If one does not want to leave keys lying around on device storage media, hardware solutions exist that aim at preventing keys from being extracted. You will learn more about these in chapter 13 on hardware cryptography.
Finally, many ways exist for applications to delegate key management. This is often the case on mobile OSs that provide key stores or key chains, which will keep keys for you and will even perform cryptographic operations!
Applications living in the cloud can sometimes have access to cloud key management services. These services allow an application to delegate creation of secret keys and cryptographic operations and to avoid thinking about the many ways to attack those. Nonetheless, as with hardware solutions, if an application is compromised, it will still be able to do any type of request to the delegated service.
Note There are no silver bullets, and you should still consider what you can do to detect and respond to a compromise.
Key management is a hard problem that is beyond the scope of this book, so I will not dwell on this topic too much. In the next section, I go over cryptographic techniques that attempt to avoid the key management problem.
Key management is a vast field of study that can be quite annoying to invest in as users do not always have the resources to implement best practices, nor the tools available in the space. Fortunately, cryptography has something to offer for those who want to lessen the burden of key management. The first one I’ll talk about is secret sharing (or secret splitting). Secret splitting allows you to break a secret into multiple parts that can be shared among a set of participants. Here, a secret can be anything you want: a symmetric key, a signing private key, and so on.
Typically, a person called a dealer generates the secret, then splits it and shares the different parts among all participants before deleting the secret. The most famous secret splitting scheme was invented by Adi Shamir (one of the co-inventors of RSA) and is called Shamir’s Secret Sharing (SSS). I illustrate this process in figure 8.11.

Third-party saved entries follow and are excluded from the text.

(* For any frozen activation pattern $R$, the unique harmonic extension of the boundary data satisfies $z^{(\ell)*} = \overline{W}^{(\ell)}\overline{a}^{(\ell-1)*}$ and $a^{(\ell)*} = R^{(\ell)}\,z^{(\ell)*}$ for all layers, with $\hat{y}^* = z^{(k+1)*}$. In particular, when $\overline{\mathbf{a}}^{(0)}$ is fixed to $\overline{\mathbf{x}}$, only the forward-pass activation pattern (i.e. $\mathbf{z}^{(\ell)}=W^{(\ell)}\mathbf{a}^{(\ell-1)}+b^{(\ell)}$, $\mathbf{a}^{(\ell)}=\mathrm{ReLU}(\mathbf{z}^{(\ell)})$) produces a harmonic extension that is also a global section.
   Context: Consider a feedforward ReLU network with $k$ hidden layers, widths $n_0,\dots,n_{k+1}$, weights $W^{(\ell)}$, biases $b^{(\ell)}$, identity output activation. Define $\overline{W}^{(\ell)} = (W^{(\ell)}\mid \mathrm{diag}(b^{(\ell)}))$, $\overline{a}^{(\ell)} = (a^{(\ell)}, \mathbf{1}_{n_{\ell+1}})$, $\overline{a}^{(0)}=\overline{\mathbf{x}}=(\mathbf{x},\mathbf{1}_{n_1})$. A cellular sheaf is built on the path graph $v_x - v_{z^{(1)}} - v_{a^{(1)}} - \cdots - v_{a^{(k)}} - v_{z^{(k+1)}} - v_y$; writing $\mathcal{F}_{v,e}$ for the restriction map from vertex $v$ to incident edge $e$, the weight edge from $v_{a^{(\ell-1)}}$ to $v_{z^{(\ell)}}$ has maps $\overline{W}^{(\ell)}$ and $I$, the activation edge from $v_{z^{(\ell)}}$ to $v_{a^{(\ell)}}$ has maps $R^{(\ell)}$ (diagonal $0/1$) and the projection $P_{n_\ell}=(I_{n_\ell}\ 0)$, and the output edge from $v_{z^{(k+1)}}$ to $v_y$ has maps $I$ and $I$. The coboundary is $(\delta x)_e=\mathcal{F}_{v,e}x_v-\mathcal{F}_{u,e}x_u$ for $e=u\to v$. The boundary data $u$ consists of the input stalk at $v_x$ and the ones blocks in each $v_{a^{(\ell)}}$ stalk; the free coordinates are $\omega=(z^{(1)},a^{(1)},\dots,z^{(k+1)},\hat y)$. The harmonic extension is the minimizer of $\|\delta\overline{\omega}\|^2$ over $\omega$ with the boundary data fixed; it is unique because the restricted coboundary $\delta_\Omega$ is unitriangular (determinant 1). In the actual (state-dependent) sheaf, $R^{(\ell)}_{jj}=1$ iff the current $z^{(\ell)}_j\ge 0$; a global section is a cochain with $\delta\overline{\omega}=0$. Uniqueness of the self-consistent pattern assumes no pre-activation coordinate vanishes (a generic condition in the weights). *)

From mathcomp Require Import all_boot all_order all_algebra.
Set Implicit Arguments. Unset Strict Implicit. Unset Printing Implicit Defensive.
Import Order.TTheory GRing.Theory Num.Theory.
Local Open Scope ring_scope.

(* Network: widths n 0, ..., n (k+1); weight edge l (l = 0..k) carries
   W^(l+1) = W l : n(l+1) x n(l) and b^(l+1) = b l. Values of W, b, n beyond
   index k are never used. *)

Section Sheaf.
Variable R : realFieldType.
Variable n : nat -> nat.
Variable k : nat.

Figure 8.11 Given a key and a number of shares n, the Shamir’s Secret Sharing scheme creates n partial keys of the same size as the original key.
When the time comes and the secret is needed to perform some cryptographic operation (encrypting, signing, and so on), all share owners need to return their private shares back to the dealer who is in charge of reconstructing the original secret. Such a scheme prevents attackers from targeting a single user as each share is useless by itself and, instead, forces attackers to compromise all the participants before they can exploit a key! I illustrate this in figure 8.12.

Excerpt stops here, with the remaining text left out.